If your career plan has a blind spot for big data, a strategy of savvy adaptation could improve your outlook.
Introduction
The source, who agreed to speak off the record, had a solid professional background: an undergraduate degree in finance, the CFA charter, and portfolio management experience. But when asked if that combination would qualify him for an investment analyst or portfolio manager position at his current hedge fund employer, he candidly responded that it would not.
Credentials like the above might qualify an applicant for a nontechnical role at the firm, but job candidates with backgrounds in STEM—science, technology, engineering, and mathematics—have a much better chance at landing an interview. And though work experience at data-driven firms (e.g., Amazon, Facebook, or Google) would be a positive factor in an applicant’s favor, even candidates with those qualifications would have to pass a coding test to advance in the hiring process.
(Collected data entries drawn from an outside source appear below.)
(* Between [z] and [l] the envelope is affine; left of [gamma] it coincides with
   [J0], which [LJ1] forbids unless the segment meets [(-oo, gamma]] in a point. *)
Lemma tangent_contact_point z :
  J0 J1 J2 z = Fin (c0 + s * (z - l)) -> conv_env (J0 J1 J2) z = Fin (c0 + s * (z - l)) ->
  z = Rmin l gamma.
Proof.
  intros HJz Hcz.
  destruct (Rlt_le_dec (Rmin z l) gamma) as [Hlt|Hge].
  - destruct (Req_dec z l) as [->|Hzl].
    { rewrite Rmin_left in Hlt by lra. rewrite Rmin_left; lra. }
    exfalso.
    set (lo := Rmin z l). set (hi := Rmin (Rmax z l) gamma).
    assert (Hhi : hi <= gamma) by apply Rmin_r.
    assert (Hlohi : lo < hi).
    { unfold lo, hi, Rmin, Rmax in *.
      destruct (Rle_dec z l), (Rle_dec z l), (Rle_dec l gamma), (Rle_dec z gamma); lra. }
    apply (HL1 ((lo + hi) / 2)); [apply Hbelow; lra|].
    exists ((hi - lo) / 2), s, (c0 - s * l). split; [lra|].
    intros x Hx. apply Rabs_def2 in Hx.
    rewrite (Hbelow x) by lra.
    replace (s * x + (c0 - s * l)) with (c0 + s * (x - l)) by ring.
    apply (conv_env_affine_between _ l s c0 z); auto.
    assert (hi <= Rmax z l) by apply Rmin_l. unfold lo in *. lra.
  - assert (Hzg : gamma <= z) by (pose proof (Rmin_l z l); lra).
    assert (Hlg : gamma <= l) by (pose proof (Rmin_r z l); lra).
    rewrite Rmin_right by auto. apply (proj2 Hargmin). intros w.
    eapply ER_le_trans; [|apply (proj1 Hargmin w)].
    rewrite HJz. eapply ER_le_trans; [|apply conv_env_le].
    eapply ER_le_trans; [|apply (Htan gamma)]. simpl. nra.
Qed.

(* Equality would make [z] a contact point carrying two optimal splittings
   [(a, 2z - a)] and [(2z - a, a)]; by [LJ2] they coincide, so [a = z]. *)
Lemma split_energy_gt_tangent eps a z :
  0 < eps -> eps <= Rabs (a - Rmin l gamma) ->
  ER_gt (c0 + s * (z - l)) (split_energy J1 J2 a z).
Proof.
  intros Heps Ha.
  pose proof (ER_le_trans _ _ _ (Htan z) (conv_env_le _ z)) as H1.
  pose proof (J0_le_split_energy J1 J2 a z) as H2.
  destruct (split_energy J1 J2 a z) as [v| |] eqn:EV; simpl; auto.
  2:{ exact (ER_le_trans _ _ _ H1 H2). }
  apply Rnot_le_lt. intro Hv.
  assert (HJz : J0 J1 J2 z = Fin (c0 + s * (z - l))).
  { apply ER_le_antisym; auto. eapply ER_le_trans; [exact H2|]. simpl; auto. }
  assert (Hcz : conv_env (J0 J1 J2) z = Fin (c0 + s * (z - l))).
  { apply ER_le_antisym; auto. rewrite <- HJz. apply conv_env_le. }
  assert (HV : J0 J1 J2 z = split_energy J1 J2 a z).
  { rewrite EV, HJz. f_equal. pose proof (ER_le_trans _ _ _ H1 H2). simpl in H. lra. }
  destruct (HL2 z _ HJz Hcz) as [z1 [z2 [_ Huniq]]].
  destruct (Huniq a (2 * z - a) ltac:(ring) HV) as [E1 _].
  rewrite <- split_energy_sym in HV.
  destruct (Huniq (2 * z - a) (2 * z - (2 * z - a)) ltac:(ring) HV) as [E2 _].
  pose proof (tangent_contact_point z HJz Hcz).
  replace (a - Rmin l gamma) with 0 in Ha by lra. rewrite Rabs_R0 in Ha. lra.
Qed.

End Tangency.

Section UniformGap.

Variables (J1 J2 : R -> ER) (l s c0 m eps : R).
Hypothesis HJ1 : forall z, J1 z <> MInf.
Hypothesis HJ2 : forall z, J2 z <> MInf.
Hypothesis Hlsc1 : forall p, lsc_at J1 p.
Hypothesis Hlsc2 : forall p, lsc_at J2 p.
Hypothesis Hgt : forall a z, eps <= Rabs (a - m) -> ER_gt (c0 + s * (z - l)) (split_energy J1 J2 a z).
(* Fourier matrices $F$ and $G$ of the same size, with indexing groups $I_F$ and $I_G$, are permutation equivalent, i.e. $P_{\chi'}\,F\,P_{\chi''}^T=G$ for some bijections $\chi',\chi'':I_G\to I_F$, if and only if the groups $I_F$ and $I_G$ are isomorphic.
   Context: For $n\ge1$, $F_n$ is the $n\times n$ matrix with rows and columns indexed by $\mathbb Z_n$ and entries $e^{2\pi i\,\tilde i\tilde j/n}$. A Fourier matrix is $F=F_{N_1}\otimes\cdots\otimes F_{N_r}$ of size $N=N_1\cdots N_r$, indexed by $I_F=\mathbb Z_{N_1}\times\cdots\times\mathbb Z_{N_r}$ with $F_{i,j}=\prod_x(F_{N_x})_{i_x,j_x}$; group indices correspond to ordinary indices via lexicographic order of $I_F$. For a bijection $\varphi:I_G\to I_F$, $P_\varphi$ is the $N\times N$ permutation matrix (rows indexed by $I_G$, columns by $I_F$) with $(P_\varphi)_{i,\varphi(i)}=1$. *)

From HB Require Import structures.
From mathcomp Require Import all_boot all_order all_algebra.
From mathcomp Require Import complex.
From mathcomp Require Import reals trigo.
Set Implicit Arguments. Unset Strict Implicit. Unset Printing Implicit Defensive.
Import Order.TTheory GRing.Theory Num.Theory.
Local Open Scope ring_scope.

(* The indexing group I_F = Z_{N_1} x ... x Z_{N_r} of the Fourier matrix
   F_{N_1} (x) ... (x) F_{N_r}, where Ns = [:: N_1; ...; N_r]. *)
Definition idx (Ns : seq nat) : finType :=
  {dffun forall x : 'I_(size Ns), 'I_(nth 1%N Ns x)}.

Lemma ord_gt0 (n : nat) (a : 'I_n) : (0 < n)%N.
Proof. by apply: leq_ltn_trans (leq0n a) (ltn_ord a). Qed.

Definition addZn (n : nat) (a b : 'I_n) : 'I_n :=
  Ordinal (ltn_pmod (a + b)%N (ord_gt0 a)).

Definition idx_add (Ns : seq nat) (a b : idx Ns) : idx Ns :=
  finfun (fun x => addZn (a x) (b x)).

Definition group_iso (Ms Ns : seq nat) (phi : idx Ms -> idx Ns) : Prop :=
  bijective phi /\ forall a b, phi (idx_add a b) = idx_add (phi a) (phi b).

Definition groups_isomorphic (Ms Ns : seq nat) : Prop :=
  exists phi : idx Ms -> idx Ns, group_iso phi.

Definition e2pii (R : realType) (t : R) : R[i] :=
  Complex (cos (2 * pi * t)) (sin (2 * pi * t)).

(* Matrices with rows/columns indexed by finite types (the identification
   with ordinary N x N matrices via lexicographic order is immaterial for
   the statement, which quantifies over all bijections). *)
Definition fmat (R : Type) (I J : finType) := I -> J -> R.

Definition fmul (R : ringType) (I J K : finType)
    (A : fmat R I J) (B : fmat R J K) : fmat R I K :=
  fun i k => \sum_(j : J) A i j * B j k.

Definition ftr (R : Type) (I J : finType) (A : fmat R I J) : fmat R J I :=
  fun j i => A i j.

Definition fourier (R : realType) (Ns : seq nat) : fmat R[i] (idx Ns) (idx Ns) :=
  fun i j => \prod_(x : 'I_(size Ns))
     e2pii (((i x : nat) * (j x : nat))%:R / (nth 1%N Ns x)%:R : R).

Definition permmat (R : ringType) (I J : finType) (phi : I -> J) : fmat R I J :=
  fun i j => (phi i == j)%:R.

Arguments fourier R Ns : clear implicits.
Arguments permmat R {I J} phi.

(* The entries of a Fourier matrix F are characters in each index separately,
   its rows are pairwise distinct, and every nowhere-vanishing character of
   I_F is a row of F: it sends the unit vector of each factor Z_N to an N-th
   root of unity, i.e. to some e^{2 pi i c / N}.
   If P_chi1 F P_chi2^T = G, then F(chi1 (i + i'), chi2 k) and
   F(chi1 i + chi1 i', chi2 k) both equal G(i, k) G(i', k); as chi2 is onto
   and rows of F are distinct, chi1 is an isomorphism I_G -> I_F.
   Conversely, for an isomorphism phi : I_G -> I_F every row of G composed
   with phi^-1 is a character of I_F, hence a row chi(i) of F; distinct rows
   of G give distinct chi(i), so chi is a bijection and P_chi F P_phi^T = G. *)

From HB Require Import structures.
From mathcomp Require Import all_boot all_order all_algebra.
From mathcomp Require Import complex.
From mathcomp Require Import reals trigo.
From mathcomp Require Import lra.
Set Implicit Arguments. Unset Strict Implicit. Unset Printing Implicit Defensive.
Import Order.TTheory GRing.Theory Num.Theory.
Local Open Scope ring_scope.

Section E2pii.
Variable R : realType.
Implicit Types (s t : R) (n N c : nat).

Lemma e2piiD s t : e2pii (s + t) = e2pii s * e2pii t.
Proof.
rewrite /e2pii mulrDr sinD cosD /GRing.mul /=.
by congr Complex; rewrite addrC.
Qed.

Lemma e2pii0 : e2pii (0 : R) = 1.
Proof. by rewrite /e2pii mulr0 cos0 sin0. Qed.

Lemma e2pii_neq0 t : e2pii t != 0.
Proof.
apply/eqP => t0; have := e2piiD t (- t).
by rewrite subrr e2pii0 t0 mul0r => /eqP; rewrite oner_eq0.
Qed.

Lemma e2pii_nat n : e2pii (n%:R : R) = 1.
Proof.
elim: n => [|n IHn]; first exact: e2pii0.
rewrite -addn1 natrD e2piiD IHn mul1r /e2pii mulr1 mulr_natl.
by rewrite cos2pi sin2pi.
Qed.

Lemma e2piiMn t n : e2pii t ^+ n = e2pii (n%:R * t).
Proof.
elim: n => [|n IHn]; first by rewrite mul0r e2pii0.
by rewrite exprSr IHn -e2piiD -addn1 natrD mulrDl mul1r.
Qed.

Lemma e2pii_modn N c : (0 < N)%N ->
  e2pii ((c %% N)%:R / N%:R : R) = e2pii (c%:R / N%:R).
Proof.
move=> N_gt0; have N_neq0 : N%:R != 0 :> R by rewrite pnatr_eq0 -lt0n.
rewrite {2}(divn_eq c N) natrD natrM mulrDl mulfK // e2piiD e2pii_nat.
by rewrite mul1r.
Qed.

Lemma e2pii_eq1 t : 0 <= t < 1 -> e2pii t = 1 -> t = 0.
Proof.
(* cos (2 pi t) = 1 forces sin (pi t) = 0, impossible for 0 < pi t < pi. *)
move=> /andP[t_ge0 t_lt1] [cos2t1 _].
have /cos1sin0 sin_t0 : `|cos (pi * t)| = 1.
  have : cos (pi * t) ^+ 2 = 1.
    move: cos2t1; rewrite -mulrA mulr_natl cos_mulr2n; lra.
  by move/eqP; rewrite sqrf_eq1 => /orP[]/eqP->; rewrite ?normrN normr1.
apply/eqP; rewrite eq_le t_ge0 andbT leNgt; apply/negP => t_gt0.
suff : 0 < sin (pi * t) by rewrite sin_t0 ltxx.
apply: sin_gt0_pi; rewrite mulr_gt0 ?pi_gt0 //=.
by rewrite -[ltRHS]mulr1 ltr_pM2l ?pi_gt0.
Qed.

Lemma e2pii_frac_inj N c c' : (c < N)%N -> (c' < N)%N ->
  e2pii (c%:R / N%:R : R) = e2pii (c'%:R / N%:R) -> c = c'.
Proof.
wlog le_c'c : c c' / (c' <= c)%N => [wlog_le|] cN c'N eq_cc'.
  case/orP: (leq_total c' c) => le; first exact: wlog_le.
  by symmetry; apply: wlog_le.
have N_gt0 : (0 < N%:R :> R) by rewrite ltr0n (leq_ltn_trans _ cN).
have frac_bounds k : (k < N)%N -> 0 <= (k%:R / N%:R : R) < 1.
  by move=> kN; rewrite divr_ge0 ?ler0n //= ltr_pdivrMr // mul1r ltr_nat.
have diff0 : (c - c')%:R / N%:R = 0 :> R.
  apply: e2pii_eq1.
    have : c'%:R / N%:R <= c%:R / N%:R :> R by rewrite ler_pM2r ?invr_gt0 ?ler_nat.
    rewrite natrB // mulrBl.
    move: (frac_bounds _ cN) (frac_bounds _ c'N) => /andP[? ?] /andP[? ?] ?.
    by apply/andP; split; lra.
  by rewrite natrB // mulrBl e2piiD eq_cc' -e2piiD subrr e2pii0.
move/eqP: diff0; rewrite mulf_eq0 invr_eq0 pnatr_eq0 subn_eq0 (gt_eqF N_gt0) orbF.
by move=> le_cc'; apply/eqP; rewrite eqn_leq le_cc'.
Qed.

Lemma unity_root_e2pii N (z : R[i]) : (0 < N)%N -> z ^+ N = 1 ->
  exists c : 'I_N, z = e2pii (c%:R / N%:R).
Proof.
move=> N_gt0 zN1.
have [c /eqP->|z_new] := pickP (fun c : 'I_N => z == e2pii (c%:R / N%:R)).
  by exists c.
(* Otherwise z and the N distinct e2pii (c / N) are N + 1 roots of 'X^N - 1. *)
pose roots := z :: [seq e2pii ((c : nat)%:R / N%:R : R) | c : 'I_N].
have e2pii_root (c : 'I_N) : e2pii (c%:R / N%:R : R) ^+ N = 1.
  by rewrite e2piiMn mulrC divfK ?e2pii_nat // pnatr_eq0 -lt0n.
have : (size roots < size (('X^N - 1)%R : {poly R[i]}))%N.
  apply: max_poly_roots; first by rewrite -size_poly_eq0 size_XnsubC.
    apply/allP => w; rewrite inE /root !hornerE subr_eq0.
    by case/orP=> [/eqP->|/mapP[c _ ->]]; rewrite ?zN1 ?e2pii_root.
  rewrite /= map_inj_uniq ?enum_uniq ?andbT.
    by apply/mapP => -[c _ /eqP]; rewrite z_new.
  by move=> c c' /e2pii_frac_inj eq_cc'; apply/val_inj/eq_cc'.
by rewrite size_XnsubC //= size_map -cardE card_ord ltnn.
Qed.

End E2pii.

Section FourierCharacters.
Variables (R : realType) (Ns : seq nat).
Hypothesis Ns_gt0 : forall x, (0 < nth 1%N Ns x)%N.
Local Notation N x := (nth 1%N Ns x).
Implicit Types (a b : idx Ns) (x : 'I_(size Ns)) (m : nat).

Definition idx0 : idx Ns := finfun (fun y : 'I_(size Ns) => Ordinal (Ns_gt0 y)).

Definition idx_single x m : idx Ns :=
  finfun (fun y : 'I_(size Ns) => Ordinal (ltn_pmod ((y == x) * m)%N (Ns_gt0 y))).

Definition idx_dec b x : idx Ns :=
  finfun (fun y : 'I_(size Ns) =>
    Ordinal (leq_ltn_trans (leq_subr (y == x) (b y)) (ltn_ord (b y)))).

Lemma idx_addE a b y : (idx_add a b y : nat) = ((a y + b y) %% N y)%N.
Proof. by rewrite ffunE. Qed.

Lemma idx_addr0 a : idx_add a idx0 = a.
Proof.
by apply/ffunP => y; apply/val_inj => /=; rewrite idx_addE ffunE addn0 modn_small.
Qed.

Lemma idx_single_add x m m' :
  idx_add (idx_single x m) (idx_single x m') = idx_single x (m + m').
Proof.
by apply/ffunP => y; apply/val_inj => /=; rewrite idx_addE !ffunE /= modnDm mulnDr.
Qed.

Lemma idx_single0 x : idx_single x 0 = idx0.
Proof. by apply/ffunP => y; apply/val_inj; rewrite !ffunE /= muln0 mod0n. Qed.

Lemma idx_singleN x : idx_single x (N x) = idx0.
Proof.
apply/ffunP => y; apply/val_inj; rewrite !ffunE /=.
by case: eqP => [->|_]; rewrite ?mul1n ?modnn ?mul0n ?mod0n.
Qed.

Lemma idx_decE b x y : (0 < b x)%N -> (b y : nat) = (idx_dec b x y + (y == x))%N.
Proof. by move=> bx_gt0; rewrite ffunE subnK //; case: eqP => [->|]. Qed.

Lemma idx_dec_add b x : (0 < b x)%N -> idx_add (idx_dec b x) (idx_single x 1) = b.
Proof.
move=> bx_gt0; apply/ffunP => y; apply/val_inj => /=.
by rewrite idx_addE [idx_single _ _ _]ffunE /= modnDmr muln1 -idx_decE // modn_small.
Qed.

Definition is_char (chi : idx Ns -> R[i]) := {morph chi : a b / idx_add a b >-> a * b}.

Section Character.
Variable chi : idx Ns -> R[i].
Hypotheses (chiM : is_char chi) (chi_neq0 : forall b, chi b != 0).

Lemma char_idx0 : chi idx0 = 1.
Proof. by apply: (mulfI (chi_neq0 idx0)); rewrite mulr1 -chiM idx_addr0. Qed.

Lemma char_single x m : chi (idx_single x m) = chi (idx_single x 1) ^+ m.
Proof.
elim: m => [|m IHm]; first by rewrite idx_single0 char_idx0.
by rewrite exprSr -addn1 -idx_single_add chiM IHm.
Qed.

Lemma char_root x : chi (idx_single x 1) ^+ N x = 1.
Proof. by rewrite -char_single idx_singleN char_idx0. Qed.

Lemma char_prod b : chi b = \prod_x chi (idx_single x 1) ^+ b x.
Proof.
(* Induction on the weight \sum_y b y, splitting off one unit vector. *)
have [n] := ubnP (\sum_y (b y : nat))%N; elim: n b => // n IHn b.
rewrite ltnS => weight_b.
have [x bx_gt0|b0] := pickP (fun y => 0 < b y)%N; last first.
  have -> : b = idx0.
    apply/ffunP => y; apply/val_inj; rewrite ffunE.
    by apply/eqP; rewrite -leqn0 leqNgt b0.
  by rewrite char_idx0 big1 // => y _; rewrite ffunE expr0.
have idx_dec_weight : (\sum_y (idx_dec b x y : nat) < n)%N.
  apply: leq_trans weight_b; rewrite (eq_bigr _ (fun y _ => idx_decE y bx_gt0)).
  by rewrite big_split /= -[X in (X < _)%N]addn0 ltn_add2l (bigD1 x) //= eqxx.
rewrite -{1}(idx_dec_add bx_gt0) chiM IHn // (bigD1 x) //= [RHS](bigD1 x) //=.
rewrite (idx_decE x bx_gt0) eqxx exprD expr1 mulrAC; congr (_ * _).
by apply: eq_bigr => y /negbTE yx; rewrite (idx_decE y bx_gt0) yx addn0.
Qed.

Lemma char_fourier_row : exists c, chi =1 fourier R Ns c.
Proof.
have [c chi_single] : exists c : idx Ns,
    forall x, chi (idx_single x 1) = e2pii ((c x)%:R / (N x)%:R).
  have /fin_all_exists[c Hc] x := unity_root_e2pii (Ns_gt0 x) (char_root x).
  by exists (finfun c) => x; rewrite ffunE.
exists c => b; rewrite char_prod; apply: eq_bigr => x _.
by rewrite chi_single e2piiMn mulrA -natrM mulnC.
Qed.

End Character.

Lemma fourierC a b : fourier R Ns a b = fourier R Ns b a.
Proof. by apply: eq_bigr => x _; rewrite mulnC. Qed.

Lemma fourier_neq0 a b : fourier R Ns a b != 0.
Proof. by rewrite prodf_seq_neq0; apply/allP => x _; apply: e2pii_neq0. Qed.

Lemma fourierDl b : is_char (fourier R Ns ^~ b).
Proof.
move=> a a'; rewrite -big_split; apply: eq_bigr => x _ /=.
by rewrite idx_addE -e2pii_modn // modnMml e2pii_modn // mulnDl natrD mulrDl e2piiD.
Qed.

Lemma fourierDr a : is_char (fourier R Ns a).
Proof. by move=> b b'; rewrite !(fourierC a) fourierDl. Qed.

Lemma fourier_single a x m :
  fourier R Ns a (idx_single x m) = e2pii ((a x * m)%:R / (N x)%:R).
Proof.
rewrite /fourier (bigD1 x) //= big1 => [|y /negbTE yx]; last first.
  by rewrite ffunE /= yx mul0n mod0n muln0 mul0r e2pii0.
by rewrite mulr1 ffunE eqxx mul1n -e2pii_modn // modnMmr e2pii_modn.
Qed.

Lemma fourier_row_inj a a' : fourier R Ns a =1 fourier R Ns a' -> a = a'.
Proof.
move=> eq_aa'; apply/ffunP => x; apply/val_inj.
move: (eq_aa' (idx_single x 1)); rewrite !fourier_single !muln1.
by move/e2pii_frac_inj; apply.
Qed.

End FourierCharacters.

Lemma all_gt0_nth (Ns : seq nat) :
  all (fun n => 0 < n)%N Ns -> forall k, (0 < nth 1%N Ns k)%N.
Proof.
move=> /all_nthP Ns_gt0 k.
by have [/Ns_gt0|/(nth_default 1%N)->] := ltnP k (size Ns).
Qed.

Lemma sumr_pred1 (V : nmodType) (J : finType) (a : J) (F : J -> V) :
  \sum_j F j *+ (a == j) = F a.
Proof.
under eq_bigr do rewrite mulrb.
by rewrite -big_mkcond (big_pred1 a) // => j; rewrite eq_sym.
Qed.

Lemma permmat_conjE (R : nzRingType) (I J : finType) (chi1 chi2 : I -> J)
    (A : fmat R J J) i k :
  fmul (fmul (permmat R chi1) A) (ftr (permmat R chi2)) i k = A (chi1 i) (chi2 k).
Proof.
rewrite /fmul /ftr /permmat; under eq_bigr do rewrite mulr_natr.
by under eq_bigr do under eq_bigr do rewrite mulr_natl; rewrite !sumr_pred1.
Qed.

Section PermutationEquivalence.
Variables (R : realType) (Ns Ms : seq nat).
Hypotheses (Ns_gt0 : forall x, (0 < nth 1%N Ns x)%N)
           (Ms_gt0 : forall x, (0 < nth 1%N Ms x)%N).

Lemma fourier_perm_morph (chi1 chi2 : idx Ms -> idx Ns) : bijective chi2 ->
    (forall i k, fourier R Ns (chi1 i) (chi2 k) = fourier R Ms i k) ->
  {morph chi1 : a b / idx_add a b}.
Proof.
move=> [chi2' _ chi2K] F_eq a a'; apply: (fourier_row_inj (R := R) Ns_gt0) => b.
by rewrite -(chi2K b) (fourierDl R Ns_gt0) !F_eq (fourierDl R Ms_gt0).
Qed.

Lemma fourier_perm_of_iso (phi : idx Ms -> idx Ns) : group_iso phi ->
  exists chi : idx Ms -> idx Ns, bijective chi /\
    forall i k, fourier R Ns (chi i) (phi k) = fourier R Ms i k.
Proof.
move=> [[psi phiK psiK] phiM].
have psiM : {morph psi : a b / idx_add a b}.
  by move=> a b; apply: (can_inj phiK); rewrite phiM !psiK.
have row_char i : exists c, forall b, fourier R Ms i (psi b) = fourier R Ns c b.
  apply: char_fourier_row => // [b b'|b]; last exact: fourier_neq0.
  by rewrite /= psiM (fourierDr R Ms_gt0).
have [chi chiE] := fin_all_exists row_char.
have chi_inj : injective chi.
  move=> i i' eq_ii'; apply: (fourier_row_inj (R := R) Ms_gt0) => k.
  by rewrite -(phiK k) !chiE eq_ii'.
exists chi; split; last by move=> i k; rewrite -chiE /= phiK.
by apply: inj_card_bij; rewrite // (bij_eq_card (Bijective phiK psiK)).
Qed.

End PermutationEquivalence.

Theorem corollary4p5 (R : realType) (Ns Ms : seq nat)
  (HNs : all (fun n => 0 < n)%N Ns) (HMs : all (fun n => 0 < n)%N Ms)
  (Hsize : (\prod_(n <- Ns) n)%N = (\prod_(n <- Ms) n)%N) :
  (exists chi1 chi2 : idx Ms -> idx Ns,
      bijective chi1 /\ bijective chi2 /\
      fmul (fmul (permmat R[i] chi1) (fourier R Ns)) (ftr (permmat R[i] chi2))
      = fourier R Ms)
  <-> groups_isomorphic Ms Ns.
Proof.
have Ns_gt0 := all_gt0_nth HNs; have Ms_gt0 := all_gt0_nth HMs.
split=> [[chi1 [chi2 [chi1_bij [chi2_bij conj_eq]]]]|[phi iso_phi]].
  have F_eq i k : fourier R Ns (chi1 i) (chi2 k) = fourier R Ms i k.
    by rewrite -conj_eq permmat_conjE.
  by exists chi1; split; last exact: fourier_perm_morph F_eq.
have [chi [chi_bij F_eq]] := fourier_perm_of_iso R Ns_gt0 Ms_gt0 iso_phi.
exists chi, phi; do 2!split=> //; first exact: iso_phi.1.
apply: boolp.funext => i; apply: boolp.funext => k.
by rewrite permmat_conjE.
Qed.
Welcome to the age of big data. Data-driven investment management will become more pervasive. News articles imply that programmers and computers are replacing traditional portfolio managers. Headlines shout, "How Computers Trawl a Sea of Data for Stock Picks" (Wall Street Journal) and "A New Breed of Trader on Wall Street: Coders with a PhD" (New York Times). Though a relatively small segment of the industry has fully incorporated big data analytics into its work, the ongoing fusion of data science and portfolio management is likely to affect financial analysts’ training and skill requirements. Other industries’ recent histories—retailing (Amazon) and advertising (Google), for example—indicate potentially significant disruption to the traditional investment management model. Firms that successfully incorporate data analytics earlier rather than later could gain a competitive edge in the perpetual search for alpha.
So, is it time to quit your finance job and reenroll as a full-time data-science student? That’s not necessary (unless you want to change career tracks). There is a more appropriate range of responses available that will help traditionally trained financial analysts adapt to the changing environment.
WE'VE BEEN HERE BEFORE
Data science isn’t the first disruptive quantitative approach to investing. Readers with a few decades’ experience will recall the focus on financial engineering in the late 1980s and early 1990s. Similar to today’s data analysts, many of the first financial engineers—the quants—were STEM transplants. (I recall a meeting with the manager of a large bank’s derivatives trading department whose analyst staff largely consisted of PhDs from the former Soviet bloc, including genuine rocket scientists. Most knew nothing of finance and spoke limited English when hired, but their training allowed them to work with high-level financial mathematics and write the code required for the resulting pricing models.)
The current transition is from financial derivatives research to more general business problems that aren’t necessarily tied to financial mathematics and theory, says Stuart Kozola, computational finance products manager with MathWorks in Natick, Massachusetts. "From my perspective, I see data science as kind of the quantitative finance 2.0," he says. "They’re tied more into an organization that has some problems. ‘Here is the data we have; let’s see if we can try and gain some insight by using the different types of data analysis, statistical analysis routines.’"
TWO TRACKS, SAME DESTINATION
Quants did not put traditional analysts out of business; firms incorporate both approaches successfully. But can analysis driven by big data coexist with the traditional approach?
A 2015 white paper from Citi Business Advisory Services ("Big Data & Investment Management") provides an informative example of how the methods can differ. The paper describes a hypothetical case in which a "discretionary fundamental" portfolio manager meets with executives from an energy company she follows. The executives’ body language provides cues that they are excited or nervous about the upcoming quarter. She conducts additional research by reviewing transcripts of the executives’ recently published remarks and makes site visits to the company’s facilities for impressions of business activity. Contacts in her professional network indicate that the company’s staff has been traveling overseas to one area more frequently than usual. Combining those inputs with knowledge of the company’s undeveloped energy fields leads her to conclude that the company may soon announce the opening of a new production facility.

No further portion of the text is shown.